Entre sus compañeros estaba su primo José Ignacio que estudiaba con él, pero en
el grupo de los internos. Estas diferencias en su propia familia le hacían recordar a
Rafael que sus tíos-abuelos habían ido perdiendo el patrimonio vinícola familiar que
había pasado a manos de los Osbornes a los que su padre representaba promocionando
sus vinos por el norte de España, esto motivó que su padre estuviera siempre ausente y
que Rafael, conocido familiarmente como Cuco, viviera con su madre y sus hermanos
en casa de sus tíos. Dada la mala situación económica, Rafael heredaba la ropa de su
primo José Ignacio del que sintió, en alguna ocasión, cierto aire de desprecio alguna
mañana cuando iban a misa de siete.
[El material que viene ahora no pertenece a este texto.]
Let scale m n : (m <= n)%N -> c * m%:R <= c * n%:R.
Proof. by move=> le_mn; rewrite ler_wpM2l // ler_nat. Qed.

Lemma in_Bc_iff x : in_Bc c x <-> in_base (rho_c c) x.
Proof.
have rhoE X : rho_c c X = rank_fun (pos X) (~: neg X) := rho_cE c X k_gt1.
have rank_le A B n : (minn (trunc_card A) #|B| <= n)%N -> rank_fun A B <= c * n%:R.
  by move=> le_n; apply/scale/(leq_trans (pair_rank_le A B)).
split=> [/in_BcE[sum0 plus_le star x_pos x_neg] | ].
  apply/(in_baseP x rhoE); split=> [|A B]; last exact: sum_le_rank.
  by rewrite /rank_fun pair_rank0r mulr0.
apply: (in_Bc_of_base rhoE) => [||i|i|i|i|i].
- by rewrite /rank_fun pair_rank0r mulr0.
- by rewrite mulrC; apply: rank_le; rewrite /trunc_card; lia.
- by rewrite /rank_fun pair_rank_set1 mulr0.
- by rewrite /rank_fun pair_rank0r mulr0.
- by rewrite -(mulr1 c); apply: (rank_le _ _ 1); rewrite /trunc_card cards1; lia.
- by rewrite -(mulr1 c); apply: (rank_le _ _ 1); rewrite cards1; lia.
- by rewrite /rank_fun pair_rank0l mulr0.
Qed.

Lemma in_Bbar_c_iff x : in_Bbar_c c x <-> in_base (rhobar_c c) x.
Proof.
have rhoE X : rhobar_c c X = trunc_fun (pos X) (~: neg X) := rhobar_cE c X.
have trunc_le A B n : (trunc_card A + trunc_card B <= n)%N -> trunc_fun A B <= c * n%:R - 2 * c.
  by move=> le_n; rewrite lerD2r scale.
have full : trunc_fun setT set0 = 0.
  by rewrite /trunc_fun trunc_card_gt1 ?cardsT ?card_ord // /trunc_card cards0 mulrC subrr.
split=> [[/in_BcE[sum0 plus_le _ x_pos x_neg] neg_le] | ].
  apply/(in_baseP x rhoE); split=> [|A B]; first by rewrite full.
  have := sum_pos_le_trunc plus_le x_pos A.
  have := sum_neg_le_trunc x_neg B; rewrite -xsum_minus => /(_ neg_le).
  by rewrite /trunc_fun natrD mulrDr; lra.
move=> base; apply: (in_Bbar_c_of_base rhoE full _ _ _ _ _ _ _ base) => [|i|i|i|i|i|].
- by apply: le_trans (trunc_le _ _ 4 _) _; [rewrite /trunc_card; lia | lra].
- by apply: le_trans (trunc_le _ _ 2 _) _; [rewrite /trunc_card cards1 | lra].
- by apply: le_trans (trunc_le _ _ 2 _) _; [rewrite /trunc_card cards0; lia | lra].
- by apply: le_trans (trunc_le _ _ 3 _) _; [rewrite /trunc_card cards1; lia | lra].
- by apply: le_trans (trunc_le _ _ 3 _) _; [rewrite /trunc_card cards1; lia | lra].
- by apply: le_trans (trunc_le _ _ 2 _) _; [rewrite /trunc_card cards0; lia | lra].
- by apply: le_trans (trunc_le _ _ 0 _) _; [rewrite /trunc_card cards0 | lra].
Qed.

End BasePolyhedraOfRanks.

Unset Implicit Arguments.

Theorem lemma4p2 (R : realFieldType) (k : nat) (c : R) :
  (3 <= k)%N -> 0 <= c ->
  [/\ @rho_c k R c set0 = 0 /\ t_monotone (@rho_c k R c) /\ submodular (@rho_c k R c),
      @rhobar_c k R c set0 = 0 /\ t_monotone (@rhobar_c k R c) /\ submodular (@rhobar_c k R c),
      (forall x : Spm k -> R, @in_Bc k R c x <-> in_base (@rho_c k R c) x)
    & (forall x : Spm k -> R, @in_Bbar_c k R c x <-> in_base (@rhobar_c k R c) x)].
Proof.
move=> k_ge3 c_ge0; have k_gt1 : (1 < k)%N by apply: ltnW.
have rhoE X := rho_cE c X k_gt1.
have rhobarE (X : {set Spm k}) := rhobar_cE c X.
have rank_sub := @pair_submodular_rank k R c c_ge0.
have trunc_sub := @pair_submodular_trunc k R c c_ge0.
split; [split; [|split] | split; [|split] | exact: in_Bc_iff | exact: in_Bbar_c_iff].
- by rewrite rhoE pos_set0 pair_rank0l mulr0.
- by apply: (t_monotone_of_pair rhoE rank_sub) => A B; rewrite pair_rankC.
- exact: (submodular_of_pair rhoE rank_sub).
- rewrite rhobarE pos_set0 neg_set0 setC0 /trunc_card cards0 cardsT card_ord.
  by rewrite (minn_idPr k_gt1) min0n mulrC subrr.
- by apply: (t_monotone_of_pair rhobarE trunc_sub) => A B; rewrite addnC.
- exact: (submodular_of_pair rhobarE trunc_sub).
Qed.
Rafael vivía junto a sus primos y tíos los lujos que
su familia no se podía permitir, pero también se sentía en inferioridad con respecto a
ellos y vigilado constantemente por sus tíos y tías que vivían siguiendo una fuerte moral
católica.
Rafael confiesa su falta de interés por los libros y esto le hacía escapar de las
clases para pasar el rato en la huerta o en las dunas de arena del amplio campo del
colegio. Sin embargo, el día que supo que se marchaba a Madrid, fue a despedirse de los
jesuitas y del padre Prefecto. Al día siguiente, la familia marchó en tren hacia Madrid y
terminó la etapa de Rafael en el Puerto que estuvo marcada por los años en el colegio.